July 3 (Bloomberg) -- Australia’s markets regulator is examining possible disclosure and trading irregularities after a takeover offer for David Jones Ltd. collapsed days after sending the retailer’s shares soaring.
The Australian Securities & Investments Commission plans to pursue anyone who has broken the law, it said in a statement on its website today. The investigation covers domestic and international markets, ASIC said.
David Jones, Australia’s second-largest department store owner, said yesterday a U.K. private equity fund withdrew a A$1.65 billion ($1.69 billion) bid, causing the stock to reverse most of its biggest gain in 17 years. The Sydney-based company revealed the offer on June 29, saying it knew nothing about the suitor, its management or its financial capability.
“ASIC’s priority is to ensure market integrity is maintained and that markets are fair, orderly and transparent and that, if there has been a breach of the law, those responsible are held to account,” the regulator said in the statement.
David Jones shares were unchanged at A$2.33 at 1:43 p.m. in Sydney today, compared with a 0.1 percent decline for the benchmark S&P/ASX 200 Index.
“We’re monitoring our own share price and transactions on our register,” said Helen Karlis, a spokeswoman for David Jones, when asked to comment on the regulator’s statement. “We’ve been engaged with ASIC since Friday.”
David Jones has become the subject of takeover speculation after a 47 percent share slump last year and as slowing consumer spending prompted it to forecast its smallest annual profit in six years.
Analysts at Nomura Holdings Inc. and Macquarie Group Ltd. began questioning the credibility of the offer by EB Private Equity soon after it was announced by David Jones in a June 29 regulatory filing.
EB Private Equity had said it would lead a group providing $850 million in equity, according to the filing. The offer would also include $450 million of debt from a syndicate of banks and investors, and $450 million in residual equity for existing David Jones shareholders. The retailer recommended that shareholders use caution and said there wasn’t enough information available about EB Private Equity for David Jones to evaluate the approach.
The retailer said in a statement to the stock exchange yesterday that announcements regarding the proposed bid were made to ensure that “there was not likely to be information in the public domain that would lead to trading based on a false market.”
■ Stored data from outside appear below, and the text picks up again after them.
(* Let $k$ be a field, $V$ a finite-dimensional $k$-vector space, $A$ a finite arrangement of linear hyperplanes in $V$ with intersection lattice $L$ and natural sheaf $F$, and let $\widetilde L$ be the Boolean cover of $L$. Then $$\chi_q\,\mathrm{HC}_*(\widetilde L;\Lambda^\bullet F)=\chi_L(1+q).$$
   Context: $L$ consists of all intersections of subsets of $A$ (empty intersection $=V$), ordered by reverse inclusion, with minimum $\mathbf{0}=V$; atoms are the hyperplanes. Möbius function: $\mu_L(x,x)=1$, $\mu_L(x,y)=-\sum_{x\le z<y}\mu_L(x,z)$; $\chi_L(t)=\sum_{x\in L}\mu_L(\mathbf{0},x)t^{\dim x}$. A sheaf assigns a vector space $G(x)$ to each element and a linear map $G^y_x:G(y)\to G(x)$ to each $x\le y$, functorially. Natural sheaf: $F(x)=x$, $F^y_x$ the inclusion $y\subseteq x$; $\Lambda^jF$ has $(\Lambda^jF)(x)=\Lambda^j(F(x))$, maps $\Lambda^j(F^y_x)$; $\Lambda^\bullet F=\bigoplus_{j\ge0}\Lambda^jF$. Graded Euler characteristic: $\chi_q\,\mathrm{HC}_*(\widetilde L;\Lambda^\bullet F)=\sum_{k\ge0}q^k\sum_n(-1)^n\dim\mathrm{HC}_n(\widetilde L;\Lambda^kF)$. Boolean cover: $\widetilde L$ is the lattice of subsets of $A$ under inclusion, $f(S)=\bigcap_{a\in S}a$, induced sheaf $G(S)=G(f(S))$ with maps $G^{f(T)}_{f(S)}$. Cellular homology of a Boolean lattice of subsets of $\{a_1,\dots,a_n\}$ with sheaf $G$: homology of $C_k=\bigoplus_{|x|=k}G(x)$, $d=\sum\varepsilon^x_yG^x_y$ over $y\subset x$, $|y|=|x|-1$, with $\varepsilon^x_y=(-1)^{j-1}$ when $x=\{a_{i_1},\dots,a_{i_k}\}$ ($i_1<\cdots<i_k$), $y=x\setminus\{a_{i_j}\}$. *)

From HB Require Import structures.
From mathcomp Require Import all_boot all_order all_algebra.
Set Implicit Arguments. Unset Strict Implicit. Unset Printing Implicit Defensive.
Import GRing.Theory.
Local Open Scope ring_scope.

Section Arrangement.
Variables (k : fieldType) (V : vectType k).
Local Notation d := (\dim {:V}).

Definition fS n (H : 'I_n -> {vspace V}) (X : {set 'I_n}) : {vspace V} :=
  (\bigcap_(i in X) H i)%VS.

(* Model of exterior powers: Lambda^j(V) is embedded in the j-th tensor power
   V^{(x) j} (coordinates w.r.t. the basis vbasis {:V}) by antisymmetrization;
   v_1 /\ ... /\ v_j has coordinate det[coord_{h b}(v_a)] at e_{h 1} (x)...(x) e_{h j}. *)
Definition ExtT (j : nat) := {ffun {ffun 'I_j -> 'I_d} -> k^o}.

Definition wedge j (vs : 'I_j -> V) : ExtT j :=
  [ffun h : {ffun 'I_j -> 'I_d} => \det (\matrix_(a < j, b < j) coord (vbasis {:V}) (h b) (vs a))].

(* Lambda^j(W) for a subspace W, realized inside Lambda^j(V): the span of wedges
   of vectors of W (spanned by wedges of basis vectors of W).  With this model the
   maps Lambda^j(F^y_x) induced by inclusions y <= x are inclusions. *)
Definition Ext j (W : {vspace V}) : {vspace ExtT j} :=
  (\sum_(g : {ffun 'I_j -> 'I_(\dim W)})
      <[wedge (fun a => tnth (vbasis W) (g a))]>)%VS.

(* Ambient space for the cellular chains on the Boolean lattice of subsets of A *)
Definition ChainT n j := {ffun {set 'I_n} -> ExtT j}.

Definition ins n j (S0 : {set 'I_n}) : 'Hom(ExtT j, ChainT n j) :=
  linfun (fun t : ExtT j => [ffun Y : {set 'I_n} => if Y == S0 then t else 0] : ChainT n j).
It released the name of the bidder after a blog that calls itself newcastleetcfinanceblog posted that EB Private Equity bid 1.1 billion pounds, the equivalent of about A$1.73 billion, for the retailer.
EB Private Equity isn’t listed on the U.K.’s register of companies. Its website doesn’t include the names of any executives, phone numbers, or previous deals that involved EB Private Equity. The firm describes itself as a Luxembourg and U.K. real estate and real estate-related investor, developer and private equity partner.
“Our proposal was made in an effort to engage with the board,” EB Private Equity said in an undated statement on its website. “The board has made it clear it does not intend to engage in these discussions based on our proposal. This is our only statement on this matter.”
An e-mail contact for the firm no longer appears on the website. There was no immediate response to a voicemail message left outside of business hours today at a U.K. phone number registered for the website in Newcastle, England.